= John R. Toole =

American politician (1849–1916)

 John Ryan Toole (July 3, 1849 – March 4, 1916) was an industrialist and legislator in Montana. He served in the Montana State Legislature in 1890.

==Biography==
Toole was born in Aroostook County, Maine, on July 3, 1849, and moved to Madison, Wisconsin, with his parents in 1855. He began working in the mining industry in Utah in 1873. Five years later, in 1878, he took his mining career to Idaho where he met his wife, Anna Hardenbrook. They had six children: Honora, Thula, Allan, Howard, Brice, and John R. Jr.

The family moved to Anaconda, Montana, in 1884. While living in Anaconda, Toole worked for Marcus Daly's smelter and became known as Daly's right-hand man. Toole was elected to the territorial legislature in 1886 and reelected in 1888. He was nominated to the state legislature in 1889 and was part of the Montana Constitutional Convention. In 1900, the Toole family relocated to Missoula, Montana, where Toole became president of the Big Blackfoot Milling Company. Toole died on March 4, 1916, in California and was buried in Missoula Cemetery.

== Family ==
 Toole married Anna Hardenbrook on November 2, 1882. Their first child Honora was born in 1883. She eventually married John R. Clifton. The couple's second daughter Thula was born in 1885 and married George Weisel. Their first son Allan was born in 1887, followed by Howard born in 1890. Howard would eventually marry Marjorie Ross. The third son Brice was born in 1893, followed by John R. Jr.
Today, Missoula has a street named Toole Avenue as well as a John H. Toole Park. John Howard Toole, for whom the Park is named was the grandson of John R. Toole, first son of Howard Toole and Marjorie Ross. John H. was a decorated World War II veteran who became a successful businessman and eventually served as Mayor of Missoula. He died in 1991.
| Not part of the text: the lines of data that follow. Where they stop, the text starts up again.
Lemma run_start_connect d x z : x \in diagram -> z \in diagram ->
  box_site x - box_run x = d -> box_site z = box_run x -> connect (badj diagram) z x.
Proof.
elim: d x => [|d IH] x hx hz; have := run_start_le s t (box_site x); rewrite /box_run => le_run.
  by move=> hd hzx; rewrite (@box_site_inj z x) //; lia.
move=> hd hzx; have em : box_site x = (box_site x).-1.+1 by lia.
have act : active (box_site x).-1.
  apply/negPn/negP => hn; move: hd; rewrite em.
  by have := run_start_fix s t (box_site x).-1; rewrite hn => /eqP ->; lia.
have [w hw [site_w _]] := active_box act.
have run_w : box_run w = box_run x by rewrite /box_run site_w em run_startS // -em.
apply: (connect_trans (y := w)); first by apply: IH; rewrite ?run_w /box_run //; lia.
by apply: connect1; apply: badj_consecutive => //; lia.
Qed.

Lemma box_run_connect x y : x \in diagram -> y \in diagram ->
  box_run x = box_run y -> connect (badj diagram) x y.
Proof.
move=> hx hy e; have [actx _ _] := diagram_boxP hx.
have [act0 _] := run_start_active actx.
have [z hz [site_z _]] := active_box act0.
have zx := run_start_connect hx hz erefl site_z.
have zy : connect (badj diagram) z y by apply: (run_start_connect hy hz erefl); rewrite site_z -e.
by rewrite (sym_connect_sym (@badj_sym _ _ diagram)) in zx; apply: connect_trans zx zy.
Qed.

Lemma componentE x : x \in diagram -> component x = [set y in diagram | box_run y == box_run x].
Proof.
move=> hx; apply/setP => y.
apply/setIdP/setIdP => [[hy /connect_box_run ->]|[hy /eqP e]]; split => //.
exact: box_run_connect hx hy (esym e).
Qed.

Lemma box_run_row x z : x \in diagram -> z \in diagram -> x.1 = z.1 -> box_run x = box_run z.
Proof.
wlog le_xz : x z / box_site x <= box_site z.
  move=> W hx hz e; case: (leqP (box_site x) (box_site z)) => h; first exact: W.
  by symmetry; apply: W; rewrite 1?ltnW.
move=> hx hz e; rewrite /box_run; symmetry; apply: run_start_const => // i /andP [h1 h2].
have [_ sx tx] := diagram_boxP hx; have [_ sz tz] := diagram_boxP hz.
have ez : box_rank z = box_rank x by rewrite /box_rank e.
have := leq_pcount (bit s) h1; have := leq_pcount (bit s) h2.
have := leq_pcount (bit t) h1; have := leq_pcount (bit t) h2.
by rewrite /active; lia.
Qed.

Lemma box_run_col x z : x \in diagram -> z \in diagram -> x.2 = z.2 -> box_run x = box_run z.
Proof.
wlog le_xz : x z / box_site x <= box_site z.
  move=> W hx hz e; case: (leqP (box_site x) (box_site z)) => h; first exact: W.
  by symmetry; apply: W; rewrite 1?ltnW.
move=> hx hz e; rewrite /box_run; symmetry; apply: run_start_const => // i /andP [h1 h2].
have [_ sx tx] := diagram_boxP hx; have [_ sz tz] := diagram_boxP hz.
have ex : box_site x = box_rank x + x.2 + 1 by [].
have ez : box_site z = box_rank z + x.2 + 1 by rewrite /box_site e.
have := leq_sub_pcount (bit s) h1; have := leq_sub_pcount (bit s) h2.
have := leq_sub_pcount (bit t) h1; have := leq_sub_pcount (bit t) h2.
have := pcount_le (bit s) i; have := pcount_le (bit t) i.
move: ex ez sx sz tx tz; rewrite /active.
move: (box_site x) (box_site z) (box_rank x) (box_rank z) (nat_of_ord x.2) => a b c d f.
lia.
Qed.

(* A component starts at each site where [active] switches on. *)
Lemma card_components : #|components diagram| = \sum_(i < n) (~~ active i && active i.+1 : nat).
Proof.
set B0 := [set x in diagram | run_start (box_site x) == box_site x].
have -> : components diagram = [set component x | x in B0].
  apply/setP => C; apply/imsetP/imsetP => [[x hx ->]|[x /setIdP [hx _] ->]]; last by exists x.
  have [act _ _] := diagram_boxP hx; have [act0 fix0] := run_start_active act.
  have [z hz [site_z _]] := active_box act0.
  exists z; first by apply/setIdP; rewrite site_z fix0.
  by rewrite -/(component x) (componentE hx) (componentE hz) /box_run site_z fix0.
rewrite card_in_imset; last first.
  move=> x y /setIdP [hx /eqP x0] /setIdP [hy /eqP y0] e.
  have : y \in component x by rewrite e (componentE hy) inE hy eqxx.
  rewrite (componentE hx) => /setIdP [_ /eqP run_xy].
  by apply: box_site_inj => //; rewrite -x0 -y0.
rewrite /B0 (card_diagram_sites (fun m => run_start m == m)) big_ord_recl active0 /= add0n.
by apply: eq_bigr => i _; rewrite /bump /= add1n run_start_fix andbC.
Qed.

(* The row of the 1 of [t] at site [i] is empty iff that 1 goes straight through. *)
Lemma row_emptyE i : i < n -> bit t i ->
  [forall x in diagram, nat_of_ord x.1 != l - 1 - T i] = ~~ active i && bit s i.
Proof.
move=> lt_in ti; have [ty next] := site_step inter i; rewrite /site_type ti in ty next.
have hTi1 : T i.+1 = (T i).+1 by rewrite pcountS ti addn1.
have hTl := count_t_le i.+1; have hST := inter i.
case act: (active i) ty next => /=; case si: (bit s i) => //= _ next.
- apply/negbTE/negP => /forallP empty.
  have [x hx [_ sx]] := active_box next; have := empty x; rewrite hx /= => /eqP; apply.
  move: sx act; rewrite pcountS si /box_rank /active; have := ltn_ord x.1; lia.
- apply/forallP => x; apply/implyP => hx; apply/negP => /eqP x1.
  have [_ sx tx] := diagram_boxP hx.
  have rank_x : box_rank x = T i by rewrite /box_rank x1; lia.
  have hS1 : S i.+1 = (S i).+1 by rewrite pcountS si addn1.
  move: act; rewrite /active => act.
  case: (leqP (box_site x) i) => le; first by have := leq_pcount (bit t) le; lia.
  by have := leq_pcount (bit s) le; lia.
- apply/negbTE/negP => /forallP empty.
  have [x hx [_ sx]] := active_box next; have := empty x; rewrite hx /= => /eqP; apply.
  move: sx; move/negbT: act; rewrite /active -leqNgt pcountS si addn0 /box_rank.
  by move: (ltn_ord x.1) hST; move: (nat_of_ord x.1) (S i) (T i) => x1 a b; lia.
Qed.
== Big Blackfoot Milling Company==
The Anaconda Mining Company, which was owned by copper-king Marcus Daly, began expanding and established a milling company in Missoula. The purpose of the company was to harvest timber to run Anaconda's smelter. John R. Toole became president of the company shortly after he moved to Missoula. The mill was known by various other names over the years, including Hammond-Bonner Lumber Mill, the Anaconda Mill and the Western Lumber Mill. By 1900, the Big Blackfoot Milling Company had depleted much of its timber supply and started cutting further up the Blackfoot. Most of the logs were floated down the river to Bonner.

==Toole house==
 The neoclassical Toole home in Missoula, located on Gerald Avenue, was designed in 1902 by architect J.F. Everett. Everett followed the style of the popular World's Columbian Exposition in Chicago. Twelve-foot ceilings, pocket doors and oak columns are just a few of the features in the house. It also has seven fireplaces and, according to Toole, "There was not a more attractive fireside in Montana." A Palladian window and fan lights line the main entry. Anna Hardenbrook Toole sold the house in 1931 to Kappa Kappa Gamma, giving a home to the first sorority in Missoula. Two of Toole's daughters, as well as granddaughters, great-granddaughters and a daughter-in-law, have been members of Kappa Kappa Gamma and called the house their home during their college years. Three additions have been made to the house, but it still retains its original symmetry and classical ornamentation. In 1983, the house was placed on the National Register of Historic Places.